Attention attention everyone... MG has a point! It can't be Make-Up sex unless you don't harbor those feelings anymore... because of course you have MADE UP!!! But hot does it get hot sticky and steamy without bouncing off the heat from the argument I wonder???

And MG I think Sage was talking about you when he mentioned my friends are Fa-reaks... and I love it!!! hehehe...RUG BURNS!!! HA! hehehehehe HAHAHAHAHAHA! One of my co-workers came to work and was like, "ppppsssttt.." and then pulled up her ankle length skirt to reveal some of the worst knee burns I've EVER seen!!! Yes I laughed, cause I'm immature like that. Were talking 3rd degree blistering burns. Yes I asked her if they were worth it... she shrugged her shoulders, SHRUGGED! WTFandago???

Steph... my friends are freaks... and it's okay. But you are right, we all do make-up in different ways, but MSM and I hardly ever fight long enough to have a full on shouting match. I can probably count on one hand in the 9 1/2 years we have been married when our fights got like that, so making up like that I guess isn't going to ever happen for me. SIGH!!!

April--I can't believe ANYONE lies!!! hehehe

Sage-- I just rolled my eyes at you FOR real!

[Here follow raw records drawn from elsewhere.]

Theorem theorem4p3 (T : finType) (e : rel T) :
  symmetric e -> irreflexive e -> connected_graph e ->
  (F2_free e <->
   exists m n o : nat, induced_sub e (Kmno m n o) \/ induced_sub e (Tjoin n m o)).
Proof.
move=> esym eirr conn; split; last by move=> /Kmno_TjoinP[p /KT_coloured_F2_free].
move=> [eP4 [eK5 [eK6 [eF4 eF5]]]]; apply/Kmno_TjoinP.
case: (boolP [exists x, exists y, [&& ~~ universal e x, ~~ universal e y & e x y]]);
  last first.
  move=> /existsPn nuv; exists (fun x => universal e x : nat).
  apply: coclique_join_universal => // x y ux uy; apply: contraNN (nuv x) => exy.
  by apply/existsP; exists y; rewrite ux uy exy.
move=> /existsP[x /existsP[y /and3P[/universalPn[x' xx' nxx'] /universalPn[y' yy' nyy'] exy]]].
case: (boolP [exists a, exists b, exists c, [&& ~~ e a b, ~~ e b c & e a c]]).
  move=> /existsP[a /existsP[b /existsP[c /and3P[nab nbc eac]]]].
  have ba : b != a by apply: contraTneq eac => <-.
  have [A sepA bA] := P4_free_co_split esym eirr eP4 conn ba.
  by exists (coP3_colouring e A b); apply: KT_coloured_coP3 sepA bA nab nbc eac.
move=> /existsPn noP3; exists (adjacent_pair_colouring e x y).
apply: KT_coloured_adjacent_pair exy xx' yy' nxx' nyy' => // u v w nuv nvw.
apply/negP => euw; have /existsPn/(_ v)/existsPn/(_ w) := noP3 u.
by rewrite nuv nvw euw.
Qed.
(* Assume $\mathcal E$ is stable under pullback and $\mathcal F\subseteq\mathcal E$, and let $s$ be the discrete closure operator on $\mathcal A$, $s_A(m)=m$ for all $A\in\mathcal A$, $m\in\operatorname{sub}_{\mathcal A}A$. Let $X\in\mathcal X$ be such that $R$ preserves products with $X$ (i.e. $\rho_{X\times Y}=\rho_X\times\rho_Y$ for every $Y\in\mathcal X$). Then $X$ is $s^\rho$-compact if and only if $\rho_X\in\mathcal E$.
   Context: Standing setting. $\mathcal X$ and $\mathcal A$ are finitely complete categories; $\mathcal X$ carries a proper factorization system $(\mathcal E,\mathcal M)$ and $\mathcal A$ a proper factorization system $(\mathcal F,\mathcal N)$ (proper: every member of $\mathcal E$, resp. $\mathcal F$, is an epimorphism and every member of $\mathcal M$, resp. $\mathcal N$, is a monomorphism). $\mathcal A$ is a full reflective subcategory of $\mathcal X$ with reflector $R:\mathcal X\to\mathcal A$ and reflection (unit) $\rho_X:X\to RX$; as in the paper's setting, $\mathcal N\subseteq\mathcal M$ and $R\mathcal E\subseteq\mathcal F$. For $X\in\mathcal X$, $\operatorname{sub}X$ is the class $\mathcal M/X$ of $\mathcal M$-morphisms with codomain $X$, preordered by $m\le n$ iff $m=nj$ for some morphism $j$; for $A\in\mathcal A$, $\operatorname{sub}_{\mathcal A}A=\mathcal N/A$ with the same preorder. For $f:X\to Y$ and $m\in\operatorname{sub}X$, the image $f(m)\in\operatorname{sub}Y$ is the $\mathcal M$-part of the $(\mathcal E,\mathcal M)$-factorization of $fm$, and for $n\in\operatorname{sub}Y$ the preimage $f^{-1}(n)\in\operatorname{sub}X$ is the pullback of $n$ along $f$ (analogously in $\mathcal A$ using $(\mathcal F,\mathcal N)$). A closure operator $c$ on $\mathcal A$ (with respect to $\mathcal N$) is a family of maps $c_A:\operatorname{sub}_{\mathcal A}A\to\operatorname{sub}_{\mathcal A}A$ ($A\in\mathcal A$) such that $m\le c_A(m)$, $m\le n\Rightarrow c_A(m)\le c_A(n)$, and $f(c_A(m))\le c_B(f(m))$ for every morphism $f:A\to B$ of $\mathcal A$; closure operators on $\mathcal X$ (with respect to $\mathcal M$) are defined likewise. For an arbitrary morphism $g:M\to A$ of $\mathcal A$, write $g(1_M)$ for the $\mathcal N$-part of its $(\mathcal F,\mathcal N)$-factorization and put $c_A(g):=c_A(g(1_M))$. The $R$-initial lift of $c$ is the closure operator $c^\rho$ on $\mathcal X$ given by $c^\rho_X(m)=\rho_X^{-1}(c_{RX}(Rm))$ for $X\in\mathcal X$, $m\in\operatorname{sub}X$. For a closure operator $d$ on a category, an object $X$ is $d$-compact if for every object $Y$ the projection $\pi_Y:X\times Y\to Y$ is $d$-preserving, i.e. $\pi_Y(d_{X\times Y}(m))=d_Y(\pi_Y(m))$ for every subobject $m$ of $X\times Y$. *)

From Stdlib Require Import Setoid.
Set Implicit Arguments.
Unset Strict Implicit.

Record Cat := {
  Ob :> Type;
  Hom : Ob -> Ob -> Type;
  comp : forall A B D, Hom B D -> Hom A B -> Hom A D;
  idm : forall A, Hom A A;
  comp_assoc : forall A B D E (h : Hom D E) (g : Hom B D) (f : Hom A B),
      comp h (comp g f) = comp (comp h g) f;
  comp_id_l : forall A B (f : Hom A B), comp (idm B) f = f;
  comp_id_r : forall A B (f : Hom A B), comp f (idm A) = f }.
Arguments Hom {c}.
Arguments comp {c A B D}.
Arguments idm {c}.
Notation "g ⊚ f" := (comp g f) (at level 40, left associativity).

Section Basic.
Variable C : Cat.
Definition is_iso (A B : C) (f : Hom A B) : Prop :=
  exists g : Hom B A, g ⊚ f = idm A /\ f ⊚ g = idm B.
Definition mono (A B : C) (f : Hom A B) : Prop :=
  forall Z (u v : Hom Z A), f ⊚ u = f ⊚ v -> u = v.
Definition epi (A B : C) (f : Hom A B) : Prop :=
  forall Z (u v : Hom B Z), u ⊚ f = v ⊚ f -> u = v.
Definition is_terminal (T : C) : Prop :=
  forall A : C, exists t : Hom A T, forall t' : Hom A T, t' = t.
Definition is_product (A B P : C) (p1 : Hom P A) (p2 : Hom P B) : Prop :=
  forall Z (f : Hom Z A) (g : Hom Z B), exists! h : Hom Z P, p1 ⊚ h = f /\ p2 ⊚ h = g.
Definition is_pullback (A B D P : C) (f : Hom A D) (g : Hom B D)
    (p : Hom P A) (q : Hom P B) : Prop :=
  f ⊚ p = g ⊚ q /\
  forall Z (u : Hom Z A) (v : Hom Z B), f ⊚ u = g ⊚ v ->
    exists! h : Hom Z P, p ⊚ h = u /\ q ⊚ h = v.
Definition finitely_complete : Prop :=
  (exists T : C, is_terminal T) /\
  forall (A B D : C) (f : Hom A D) (g : Hom B D),
    exists (P : C) (p : Hom P A) (q : Hom P B), is_pullback f g p q.
End Basic.

Record FinLim (C : Cat) := {
  term : C;
  term_ok : is_terminal term;
  prod : C -> C -> C;
  pr1 : forall A B, Hom (prod A B) A;
  pr2 : forall A B, Hom (prod A B) B;
  prod_ok : forall A B, is_product (pr1 A B) (pr2 A B);
  pb : forall A B D (f : Hom A D) (g : Hom B D), C;
  pb1 : forall A B D (f : Hom A D) (g : Hom B D), Hom (pb f g) A;
  pb2 : forall A B D (f : Hom A D) (g : Hom B D), Hom (pb f g) B;
  pb_ok : forall A B D (f : Hom A D) (g : Hom B D), is_pullback f g (pb1 f g) (pb2 f g) }.
Arguments prod {C} f0 _ _.
Arguments pr1 {C} f0 A B.
Arguments pr2 {C} f0 A B.
Arguments pb {C} f0 {A B D}.
Arguments pb1 {C} f0 {A B D}.
Arguments pb2 {C} f0 {A B D}.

Annie--I would LOVE for you to write for us! I'm going to email you asap... I adore your writing!

Anjeny--Amen girl... I hear ya and Amen!

The Songer said...
This comment has been removed by the author.
Kenz said...

I hold a grudge too long to have make up sex! Never had it, don't ever want it!

dontjudge said...

Make up sex is definitely real and for a 20 something there is always something to fight about.

I think we are in two different sex worlds.